■ **EXERCISE DIRECTIONS**:
Lines below starting with the line with "(0 < NT)%N -> (0" and going on through the line with "apply: mulmx_coproj_eq0 rkF" must be output exactly; the rest of the records must be left out.

── MATERIAL PROVIDED

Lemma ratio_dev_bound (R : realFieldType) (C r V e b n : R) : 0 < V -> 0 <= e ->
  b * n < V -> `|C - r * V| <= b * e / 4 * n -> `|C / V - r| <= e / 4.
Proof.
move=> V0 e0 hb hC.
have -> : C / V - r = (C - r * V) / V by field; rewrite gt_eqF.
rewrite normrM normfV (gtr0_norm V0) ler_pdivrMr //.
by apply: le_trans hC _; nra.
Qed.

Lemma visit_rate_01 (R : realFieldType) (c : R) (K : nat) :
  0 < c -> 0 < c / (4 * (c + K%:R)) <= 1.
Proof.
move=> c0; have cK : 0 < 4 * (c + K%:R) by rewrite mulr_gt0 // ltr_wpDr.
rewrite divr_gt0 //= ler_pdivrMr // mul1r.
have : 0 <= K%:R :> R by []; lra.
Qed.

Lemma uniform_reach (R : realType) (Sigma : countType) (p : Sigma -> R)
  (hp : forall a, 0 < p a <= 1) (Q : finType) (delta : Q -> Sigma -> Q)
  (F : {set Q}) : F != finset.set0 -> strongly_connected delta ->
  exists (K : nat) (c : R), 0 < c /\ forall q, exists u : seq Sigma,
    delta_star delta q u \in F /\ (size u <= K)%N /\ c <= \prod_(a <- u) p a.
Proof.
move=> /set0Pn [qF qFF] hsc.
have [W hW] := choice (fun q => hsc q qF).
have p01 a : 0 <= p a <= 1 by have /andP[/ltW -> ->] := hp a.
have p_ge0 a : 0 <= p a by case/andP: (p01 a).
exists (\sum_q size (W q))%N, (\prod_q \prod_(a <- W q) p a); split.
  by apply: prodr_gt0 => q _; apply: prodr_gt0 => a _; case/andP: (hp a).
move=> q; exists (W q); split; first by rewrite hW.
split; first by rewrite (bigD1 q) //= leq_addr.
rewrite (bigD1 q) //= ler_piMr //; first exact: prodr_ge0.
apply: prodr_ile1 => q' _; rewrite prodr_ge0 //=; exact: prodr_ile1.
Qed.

────
── MATERIAL PROVIDED

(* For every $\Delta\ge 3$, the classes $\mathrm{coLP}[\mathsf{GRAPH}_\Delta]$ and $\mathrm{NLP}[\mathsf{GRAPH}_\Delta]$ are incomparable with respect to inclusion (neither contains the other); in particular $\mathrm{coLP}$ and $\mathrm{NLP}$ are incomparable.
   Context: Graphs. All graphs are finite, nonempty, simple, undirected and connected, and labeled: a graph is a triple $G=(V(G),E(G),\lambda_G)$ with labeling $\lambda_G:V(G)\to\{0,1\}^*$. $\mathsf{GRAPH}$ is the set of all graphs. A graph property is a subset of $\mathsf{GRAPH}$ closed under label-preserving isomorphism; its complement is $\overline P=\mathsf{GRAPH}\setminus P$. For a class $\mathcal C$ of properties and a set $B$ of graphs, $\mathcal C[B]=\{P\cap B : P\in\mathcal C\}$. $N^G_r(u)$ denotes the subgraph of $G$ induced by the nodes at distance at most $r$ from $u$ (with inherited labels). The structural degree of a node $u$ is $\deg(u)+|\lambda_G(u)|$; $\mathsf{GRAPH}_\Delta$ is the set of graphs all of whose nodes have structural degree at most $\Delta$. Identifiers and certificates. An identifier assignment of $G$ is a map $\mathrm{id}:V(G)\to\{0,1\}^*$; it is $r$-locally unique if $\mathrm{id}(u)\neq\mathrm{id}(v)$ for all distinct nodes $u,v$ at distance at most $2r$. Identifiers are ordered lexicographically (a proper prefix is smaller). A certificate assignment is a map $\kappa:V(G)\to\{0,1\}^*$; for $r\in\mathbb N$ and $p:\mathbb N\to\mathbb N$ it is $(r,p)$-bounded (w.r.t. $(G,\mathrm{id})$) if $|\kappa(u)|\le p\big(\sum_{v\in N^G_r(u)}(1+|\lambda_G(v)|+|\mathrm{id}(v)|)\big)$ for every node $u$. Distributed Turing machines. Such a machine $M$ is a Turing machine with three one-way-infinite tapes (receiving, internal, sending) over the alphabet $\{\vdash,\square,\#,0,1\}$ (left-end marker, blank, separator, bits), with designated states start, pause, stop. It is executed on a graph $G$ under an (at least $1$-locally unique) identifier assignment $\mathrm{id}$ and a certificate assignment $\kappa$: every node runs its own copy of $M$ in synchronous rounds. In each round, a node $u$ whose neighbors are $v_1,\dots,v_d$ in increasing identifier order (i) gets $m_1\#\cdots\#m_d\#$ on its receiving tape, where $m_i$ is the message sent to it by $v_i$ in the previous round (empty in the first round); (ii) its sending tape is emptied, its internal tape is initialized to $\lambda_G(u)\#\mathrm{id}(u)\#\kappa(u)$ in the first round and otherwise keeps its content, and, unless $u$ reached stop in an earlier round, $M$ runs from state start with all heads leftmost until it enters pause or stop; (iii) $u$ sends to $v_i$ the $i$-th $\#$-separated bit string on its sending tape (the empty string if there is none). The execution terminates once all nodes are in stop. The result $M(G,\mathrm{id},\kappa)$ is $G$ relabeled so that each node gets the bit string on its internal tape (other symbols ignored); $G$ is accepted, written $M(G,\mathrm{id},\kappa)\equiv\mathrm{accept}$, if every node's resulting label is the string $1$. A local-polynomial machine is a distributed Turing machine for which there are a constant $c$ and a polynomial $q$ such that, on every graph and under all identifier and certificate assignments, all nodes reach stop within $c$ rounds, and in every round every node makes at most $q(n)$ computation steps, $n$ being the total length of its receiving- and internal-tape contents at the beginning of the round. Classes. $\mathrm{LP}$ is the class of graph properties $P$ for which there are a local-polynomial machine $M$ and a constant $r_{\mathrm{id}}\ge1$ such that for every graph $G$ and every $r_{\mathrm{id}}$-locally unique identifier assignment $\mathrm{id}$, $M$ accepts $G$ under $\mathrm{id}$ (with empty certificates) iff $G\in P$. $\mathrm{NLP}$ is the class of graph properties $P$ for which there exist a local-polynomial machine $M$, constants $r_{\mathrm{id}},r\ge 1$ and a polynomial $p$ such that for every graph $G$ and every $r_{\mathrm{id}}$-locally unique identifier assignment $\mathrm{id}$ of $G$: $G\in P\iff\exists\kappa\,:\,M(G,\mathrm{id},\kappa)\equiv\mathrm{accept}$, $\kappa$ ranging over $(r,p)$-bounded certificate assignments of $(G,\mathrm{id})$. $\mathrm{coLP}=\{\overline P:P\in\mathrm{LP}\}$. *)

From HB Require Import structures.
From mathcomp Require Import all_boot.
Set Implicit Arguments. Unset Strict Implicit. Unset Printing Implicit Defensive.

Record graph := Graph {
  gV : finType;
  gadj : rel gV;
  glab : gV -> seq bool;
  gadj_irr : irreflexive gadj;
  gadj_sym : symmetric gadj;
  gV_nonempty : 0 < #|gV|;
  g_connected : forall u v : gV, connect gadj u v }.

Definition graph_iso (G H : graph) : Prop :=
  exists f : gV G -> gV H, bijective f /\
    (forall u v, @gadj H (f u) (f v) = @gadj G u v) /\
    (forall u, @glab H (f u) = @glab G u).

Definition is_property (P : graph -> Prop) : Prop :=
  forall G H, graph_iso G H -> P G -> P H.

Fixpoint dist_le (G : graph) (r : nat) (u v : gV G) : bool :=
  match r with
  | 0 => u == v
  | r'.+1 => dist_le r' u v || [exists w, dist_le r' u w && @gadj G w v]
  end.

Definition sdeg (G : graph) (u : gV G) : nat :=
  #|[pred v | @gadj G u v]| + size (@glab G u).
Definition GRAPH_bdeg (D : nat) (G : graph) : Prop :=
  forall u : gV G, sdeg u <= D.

────
── MATERIAL PROVIDED

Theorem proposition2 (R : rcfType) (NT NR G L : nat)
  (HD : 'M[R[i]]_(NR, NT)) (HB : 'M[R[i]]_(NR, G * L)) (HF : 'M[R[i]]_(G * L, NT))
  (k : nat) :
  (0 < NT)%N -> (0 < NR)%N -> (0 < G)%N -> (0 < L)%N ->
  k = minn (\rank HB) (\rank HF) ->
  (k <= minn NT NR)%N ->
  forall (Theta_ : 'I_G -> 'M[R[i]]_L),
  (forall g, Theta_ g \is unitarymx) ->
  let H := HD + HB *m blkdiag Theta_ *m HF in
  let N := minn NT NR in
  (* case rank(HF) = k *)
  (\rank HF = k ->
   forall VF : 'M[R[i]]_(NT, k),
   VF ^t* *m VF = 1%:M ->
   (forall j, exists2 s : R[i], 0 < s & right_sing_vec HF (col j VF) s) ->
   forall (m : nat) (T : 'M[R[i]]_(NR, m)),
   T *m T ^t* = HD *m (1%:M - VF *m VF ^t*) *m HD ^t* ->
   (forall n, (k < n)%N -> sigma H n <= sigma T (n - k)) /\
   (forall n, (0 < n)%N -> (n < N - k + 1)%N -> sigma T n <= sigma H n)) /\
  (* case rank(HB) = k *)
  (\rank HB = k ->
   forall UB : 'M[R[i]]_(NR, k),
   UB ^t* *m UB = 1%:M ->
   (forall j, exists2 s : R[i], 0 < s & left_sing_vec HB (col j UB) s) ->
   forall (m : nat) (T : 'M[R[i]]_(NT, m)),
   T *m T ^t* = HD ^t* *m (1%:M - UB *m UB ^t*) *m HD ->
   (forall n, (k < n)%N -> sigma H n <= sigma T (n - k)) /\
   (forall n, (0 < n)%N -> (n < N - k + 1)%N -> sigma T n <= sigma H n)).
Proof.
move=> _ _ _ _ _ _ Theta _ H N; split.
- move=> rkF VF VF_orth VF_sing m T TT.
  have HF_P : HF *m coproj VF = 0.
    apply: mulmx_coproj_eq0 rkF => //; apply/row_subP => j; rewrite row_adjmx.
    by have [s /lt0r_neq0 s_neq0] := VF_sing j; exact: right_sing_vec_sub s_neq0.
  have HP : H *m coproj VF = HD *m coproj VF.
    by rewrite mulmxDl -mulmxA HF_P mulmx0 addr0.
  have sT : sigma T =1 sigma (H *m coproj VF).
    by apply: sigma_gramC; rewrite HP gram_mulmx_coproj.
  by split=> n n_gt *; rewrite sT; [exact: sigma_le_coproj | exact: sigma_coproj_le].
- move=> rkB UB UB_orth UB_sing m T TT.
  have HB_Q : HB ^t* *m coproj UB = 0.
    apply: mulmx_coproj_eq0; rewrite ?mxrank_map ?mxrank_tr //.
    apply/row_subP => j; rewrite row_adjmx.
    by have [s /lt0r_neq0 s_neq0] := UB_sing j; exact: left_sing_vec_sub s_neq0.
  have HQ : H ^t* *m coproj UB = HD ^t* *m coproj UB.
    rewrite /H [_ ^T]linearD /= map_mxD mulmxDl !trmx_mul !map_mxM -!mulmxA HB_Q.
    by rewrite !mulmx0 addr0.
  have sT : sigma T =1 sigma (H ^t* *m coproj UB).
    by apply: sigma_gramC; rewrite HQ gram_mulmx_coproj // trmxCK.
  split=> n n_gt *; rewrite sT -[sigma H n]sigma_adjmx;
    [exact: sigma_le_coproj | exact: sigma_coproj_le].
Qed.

────

■ **ANSWER SPACE**:
  (0 < NT)%N -> (0 < NR)%N -> (0 < G)%N -> (0 < L)%N ->
  k = minn (\rank HB) (\rank HF) ->
  (k <= minn NT NR)%N ->
  forall (Theta_ : 'I_G -> 'M[R[i]]_L),
  (forall g, Theta_ g \is unitarymx) ->
  let H := HD + HB *m blkdiag Theta_ *m HF in
  let N := minn NT NR in
  (* case rank(HF) = k *)
  (\rank HF = k ->
   forall VF : 'M[R[i]]_(NT, k),
   VF ^t* *m VF = 1%:M ->
   (forall j, exists2 s : R[i], 0 < s & right_sing_vec HF (col j VF) s) ->
   forall (m : nat) (T : 'M[R[i]]_(NR, m)),
   T *m T ^t* = HD *m (1%:M - VF *m VF ^t*) *m HD ^t* ->
   (forall n, (k < n)%N -> sigma H n <= sigma T (n - k)) /\
   (forall n, (0 < n)%N -> (n < N - k + 1)%N -> sigma T n <= sigma H n)) /\
  (* case rank(HB) = k *)
  (\rank HB = k ->
   forall UB : 'M[R[i]]_(NR, k),
   UB ^t* *m UB = 1%:M ->
   (forall j, exists2 s : R[i], 0 < s & left_sing_vec HB (col j UB) s) ->
   forall (m : nat) (T : 'M[R[i]]_(NT, m)),
   T *m T ^t* = HD ^t* *m (1%:M - UB *m UB ^t*) *m HD ->
   (forall n, (k < n)%N -> sigma H n <= sigma T (n - k)) /\
   (forall n, (0 < n)%N -> (n < N - k + 1)%N -> sigma T n <= sigma H n)).
Proof.
move=> _ _ _ _ _ _ Theta _ H N; split.
- move=> rkF VF VF_orth VF_sing m T TT.
  have HF_P : HF *m coproj VF = 0.
    apply: mulmx_coproj_eq0 rkF => //; apply/row_subP => j; rewrite row_adjmx.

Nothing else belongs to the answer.